■ **EXERCISE INSTRUCTIONS**:
Print the whole listing exactly.

■ **DATA**:
(* Nonempty full subcategory of mod A (objects finitely generated),
   closed under submodules (hence under isomorphisms: any module admitting an
   injective A-linear map into a member of D is in D) and under extensions. *)
Definition sub_ext_closed (D : subcat) : Prop :=
  [/\ (exists M, D M),
      (forall M, D M -> fin_gen M),
      (forall (N M : lmodType A) (f : {linear N -> M}),
          injective f -> D M -> D N) &
      (forall (L M N : lmodType A) (f : {linear L -> M}) (g : {linear M -> N}),
          injective f -> (forall z, exists y, g y = z) ->
          (forall y, g y = 0 <-> exists x, f x = y) ->
          D L -> D N -> D M)].

End Defs.

(* Injectivity: for D closed under submodules and extensions and M finitely generated,
   Ass M <= Ass D forces M in D.  Take K maximal among submodules with K in D and
   Ass (M/K) <= Ass D.  If K <> M, a maximal annihilator p = ann (x + K) is prime, so
   p = ann y for some y in a module N of D.  Enlarge K to the submodule L of those m
   with p m <= K and t m in K + A x for some t outside p (ACC lets one t0 serve for all);
   m |-> c y, where t0 m = c x mod K, embeds L/K into N, so L is in D, and
   Ass (M/L) <= Ass (M/K) + {p},
   contradicting maximality.  Surjectivity: the modules with Ass in Phi form such a
   subcategory, and A/p realises each p in Phi. *)

From HB Require Import structures.
From mathcomp Require Import all_boot all_order all_algebra.
From mathcomp Require Import boolp.
Set Implicit Arguments. Unset Strict Implicit. Unset Printing Implicit Defensive.
Import GRing.Theory.
Local Open Scope ring_scope.
Local Open Scope quotient_scope.

Section Ideals.
Variables (A : comPzRingType) (I : A -> Prop).
Hypothesis hI : is_ideal I.

Lemma ideal0 : I 0. Proof. by case: hI. Qed.
Lemma idealD a b : I a -> I b -> I (a + b). Proof. by case: hI => _ h _; apply: h. Qed.
Lemma idealMl r a : I a -> I (r * a). Proof. by case: hI => _ _ h; apply: h. Qed.
Lemma idealMr r a : I a -> I (a * r). Proof. by rewrite mulrC; apply: idealMl. Qed.
Lemma idealN a : I a -> I (- a). Proof. by rewrite -mulN1r; apply: idealMl. Qed.
Lemma idealB a b : I a -> I b -> I (a - b).
Proof. by move=> Ia Ib; apply: idealD => //; apply: idealN. Qed.

End Ideals.

Section Submodules.
Variables (A : comPzRingType) (M : lmodType A).

Definition is_submod (P : M -> Prop) :=
  [/\ P 0, (forall x y, P x -> P y -> P (x + y)) & (forall a x, P x -> P (a *: x))].

Lemma zero_submod : is_submod (fun x => x = 0).
Proof. by split=> [//|x y -> ->|a x ->]; rewrite ?addr0 ?scaler0. Qed.

Variables (P : M -> Prop) (hP : is_submod P).

Lemma submod0 : P 0. Proof. by case: hP. Qed.
Lemma submodD x y : P x -> P y -> P (x + y). Proof. by case: hP => _ h _; apply: h. Qed.
Lemma submodZ a x : P x -> P (a *: x). Proof. by case: hP => _ _ h; apply: h. Qed.
Lemma submodN x : P x -> P (- x). Proof. by rewrite -scaleN1r; apply: submodZ. Qed.
Lemma submodB x y : P x -> P y -> P (x - y).
Proof. by move=> Px Py; apply: submodD => //; apply: submodN. Qed.

Lemma ann_submod_ideal m : is_ideal (fun a => P (a *: m)).
Proof.
split=> [|a b Pa Pb|r a Pa]; first by rewrite scale0r; apply: submod0.
  by rewrite scalerDl; apply: submodD.
by rewrite -scalerA; apply: submodZ.
Qed.

(* Indexing by [hP] lets the closure instance below, hence [subm hP], depend on it. *)
Definition submod_pred of is_submod P : {pred M} := fun x => `[< P x >].

Lemma submod_pred_closed : subsemimod_closed (submod_pred hP).
Proof.
split; first split.
- exact/asboolP/submod0.
- by move=> x y /asboolP Px /asboolP Py; apply/asboolP/submodD.
- by move=> a x /asboolP Px; apply/asboolP/submodZ.
Qed.

HB.instance Definition _ :=
  GRing.isSubmodClosed.Build A M (submod_pred hP) submod_pred_closed.

Definition subm := {x : M | x \in submod_pred hP}.
HB.instance Definition _ := [isSub for (@sval M (submod_pred hP) : subm -> M)].
HB.instance Definition _ := [Choice of subm by <:].
HB.instance Definition _ := [SubChoice_isSubLmodule of subm by <:].

Lemma subm_valP (x : subm) : P (val x). Proof. by apply/asboolP; case: x. Qed.

Definition in_subm x (Px : P x) : subm := Sub x (asboolT Px).

End Submodules.

Definition pack_linear (A : comPzRingType) (U V : lmodType A) (f : U -> V)
  (lf : linear f) : {linear U -> V} :=
  HB.pack f (GRing.isLinear.Build A U V *:%R f lf).

Section LinearChoice.
Variables (A : comPzRingType) (U V : lmodType A) (R : U -> V -> Prop).

Lemma linear_choice :
  (forall u, exists v, R u v) -> (forall u v v', R u v -> R u v' -> v = v') ->
  (forall a u u' v v', R u v -> R u' v' -> R (a *: u + u') (a *: v + v')) ->
  exists f : {linear U -> V}, forall u, R u (f u).
Proof.
move=> /choice [f Rf] Rfun Rlin.
have lf : linear f by move=> a u u'; apply: Rfun (Rf _) (Rlin _ _ _ _ _ (Rf u) (Rf u')).
by exists (pack_linear lf).
Qed.

End LinearChoice.

Section Span.
Variables (A : comPzRingType) (M : lmodType A).

Fixpoint span (s : seq M) : M -> Prop :=
  if s is a :: s' then fun x => exists c y, span s' y /\ x = c *: a + y
  else fun x => x = 0.

Lemma span_submod s : is_submod (span s).
Proof.
elim: s => [|a s [h0 hD hZ]] /=; first exact: zero_submod.
split.
- by exists 0, 0; rewrite scale0r addr0.
- move=> x y [c1 [y1 [h1 ->]]] [c2 [y2 [h2 ->]]].
  exists (c1 + c2), (y1 + y2); split; first exact: hD.
  by rewrite scalerDl addrACA.
- move=> b x [c [y [h ->]]]; exists (b * c), (b *: y); split; first exact: hZ.
  by rewrite scalerDr scalerA.
Qed.

Lemma span_head a s : span (a :: s) a.
Proof. by exists 1, 0; split; [apply: submod0 (span_submod s) | rewrite scale1r addr0]. Qed.

Lemma span_tail a s x : span s x -> span (a :: s) x.
Proof. by move=> h; exists 0, x; rewrite scale0r add0r. Qed.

■ **PROBLEM SOLUTION**:
(* Nonempty full subcategory of mod A (objects finitely generated),
   closed under submodules (hence under isomorphisms: any module admitting an
   injective A-linear map into a member of D is in D) and under extensions. *)
Definition sub_ext_closed (D : subcat) : Prop :=
  [/\ (exists M, D M),
      (forall M, D M -> fin_gen M),
      (forall (N M : lmodType A) (f : {linear N -> M}),
          injective f -> D M -> D N) &
      (forall (L M N : lmodType A) (f : {linear L -> M}) (g : {linear M -> N}),
          injective f -> (forall z, exists y, g y = z) ->
          (forall y, g y = 0 <-> exists x, f x = y) ->
          D L -> D N -> D M)].

End Defs.

(* Injectivity: for D closed under submodules and extensions and M finitely generated,
   Ass M <= Ass D forces M in D.  Take K maximal among submodules with K in D and
   Ass (M/K) <= Ass D.  If K <> M, a maximal annihilator p = ann (x + K) is prime, so
   p = ann y for some y in a module N of D.  Enlarge K to the submodule L of those m
   with p m <= K and t m in K + A x for some t outside p (ACC lets one t0 serve for all);
   m |-> c y, where t0 m = c x mod K, embeds L/K into N, so L is in D, and
   Ass (M/L) <= Ass (M/K) + {p},
   contradicting maximality.  Surjectivity: the modules with Ass in Phi form such a
   subcategory, and A/p realises each p in Phi. *)

From HB Require Import structures.
From mathcomp Require Import all_boot all_order all_algebra.
From mathcomp Require Import boolp.
Set Implicit Arguments. Unset Strict Implicit. Unset Printing Implicit Defensive.
Import GRing.Theory.
Local Open Scope ring_scope.
Local Open Scope quotient_scope.

Section Ideals.
Variables (A : comPzRingType) (I : A -> Prop).
Hypothesis hI : is_ideal I.

Lemma ideal0 : I 0. Proof. by case: hI. Qed.
Lemma idealD a b : I a -> I b -> I (a + b). Proof. by case: hI => _ h _; apply: h. Qed.
Lemma idealMl r a : I a -> I (r * a). Proof. by case: hI => _ _ h; apply: h. Qed.
Lemma idealMr r a : I a -> I (a * r). Proof. by rewrite mulrC; apply: idealMl. Qed.
Lemma idealN a : I a -> I (- a). Proof. by rewrite -mulN1r; apply: idealMl. Qed.
Lemma idealB a b : I a -> I b -> I (a - b).
Proof. by move=> Ia Ib; apply: idealD => //; apply: idealN. Qed.

End Ideals.

Section Submodules.
Variables (A : comPzRingType) (M : lmodType A).

Definition is_submod (P : M -> Prop) :=
  [/\ P 0, (forall x y, P x -> P y -> P (x + y)) & (forall a x, P x -> P (a *: x))].

Lemma zero_submod : is_submod (fun x => x = 0).
Proof. by split=> [//|x y -> ->|a x ->]; rewrite ?addr0 ?scaler0. Qed.

Variables (P : M -> Prop) (hP : is_submod P).

Lemma submod0 : P 0. Proof. by case: hP. Qed.
Lemma submodD x y : P x -> P y -> P (x + y). Proof. by case: hP => _ h _; apply: h. Qed.
Lemma submodZ a x : P x -> P (a *: x). Proof. by case: hP => _ _ h; apply: h. Qed.
Lemma submodN x : P x -> P (- x). Proof. by rewrite -scaleN1r; apply: submodZ. Qed.
Lemma submodB x y : P x -> P y -> P (x - y).
Proof. by move=> Px Py; apply: submodD => //; apply: submodN. Qed.

Lemma ann_submod_ideal m : is_ideal (fun a => P (a *: m)).
Proof.
split=> [|a b Pa Pb|r a Pa]; first by rewrite scale0r; apply: submod0.
  by rewrite scalerDl; apply: submodD.
by rewrite -scalerA; apply: submodZ.
Qed.

(* Indexing by [hP] lets the closure instance below, hence [subm hP], depend on it. *)
Definition submod_pred of is_submod P : {pred M} := fun x => `[< P x >].

Lemma submod_pred_closed : subsemimod_closed (submod_pred hP).
Proof.
split; first split.
- exact/asboolP/submod0.
- by move=> x y /asboolP Px /asboolP Py; apply/asboolP/submodD.
- by move=> a x /asboolP Px; apply/asboolP/submodZ.
Qed.

HB.instance Definition _ :=
  GRing.isSubmodClosed.Build A M (submod_pred hP) submod_pred_closed.

Definition subm := {x : M | x \in submod_pred hP}.
HB.instance Definition _ := [isSub for (@sval M (submod_pred hP) : subm -> M)].
HB.instance Definition _ := [Choice of subm by <:].
HB.instance Definition _ := [SubChoice_isSubLmodule of subm by <:].

Lemma subm_valP (x : subm) : P (val x). Proof. by apply/asboolP; case: x. Qed.

Definition in_subm x (Px : P x) : subm := Sub x (asboolT Px).

End Submodules.

Definition pack_linear (A : comPzRingType) (U V : lmodType A) (f : U -> V)
  (lf : linear f) : {linear U -> V} :=
  HB.pack f (GRing.isLinear.Build A U V *:%R f lf).

Section LinearChoice.
Variables (A : comPzRingType) (U V : lmodType A) (R : U -> V -> Prop).

Lemma linear_choice :
  (forall u, exists v, R u v) -> (forall u v v', R u v -> R u v' -> v = v') ->
  (forall a u u' v v', R u v -> R u' v' -> R (a *: u + u') (a *: v + v')) ->
  exists f : {linear U -> V}, forall u, R u (f u).
Proof.
move=> /choice [f Rf] Rfun Rlin.
have lf : linear f by move=> a u u'; apply: Rfun (Rf _) (Rlin _ _ _ _ _ (Rf u) (Rf u')).
by exists (pack_linear lf).
Qed.

End LinearChoice.

Section Span.
Variables (A : comPzRingType) (M : lmodType A).

Fixpoint span (s : seq M) : M -> Prop :=
  if s is a :: s' then fun x => exists c y, span s' y /\ x = c *: a + y
  else fun x => x = 0.

Lemma span_submod s : is_submod (span s).
Proof.
elim: s => [|a s [h0 hD hZ]] /=; first exact: zero_submod.
split.
- by exists 0, 0; rewrite scale0r addr0.
- move=> x y [c1 [y1 [h1 ->]]] [c2 [y2 [h2 ->]]].
  exists (c1 + c2), (y1 + y2); split; first exact: hD.
  by rewrite scalerDl addrACA.
- move=> b x [c [y [h ->]]]; exists (b * c), (b *: y); split; first exact: hZ.
  by rewrite scalerDr scalerA.
Qed.

Lemma span_head a s : span (a :: s) a.
Proof. by exists 1, 0; split; [apply: submod0 (span_submod s) | rewrite scale1r addr0]. Qed.

Lemma span_tail a s x : span s x -> span (a :: s) x.
Proof. by move=> h; exists 0, x; rewrite scale0r add0r. Qed.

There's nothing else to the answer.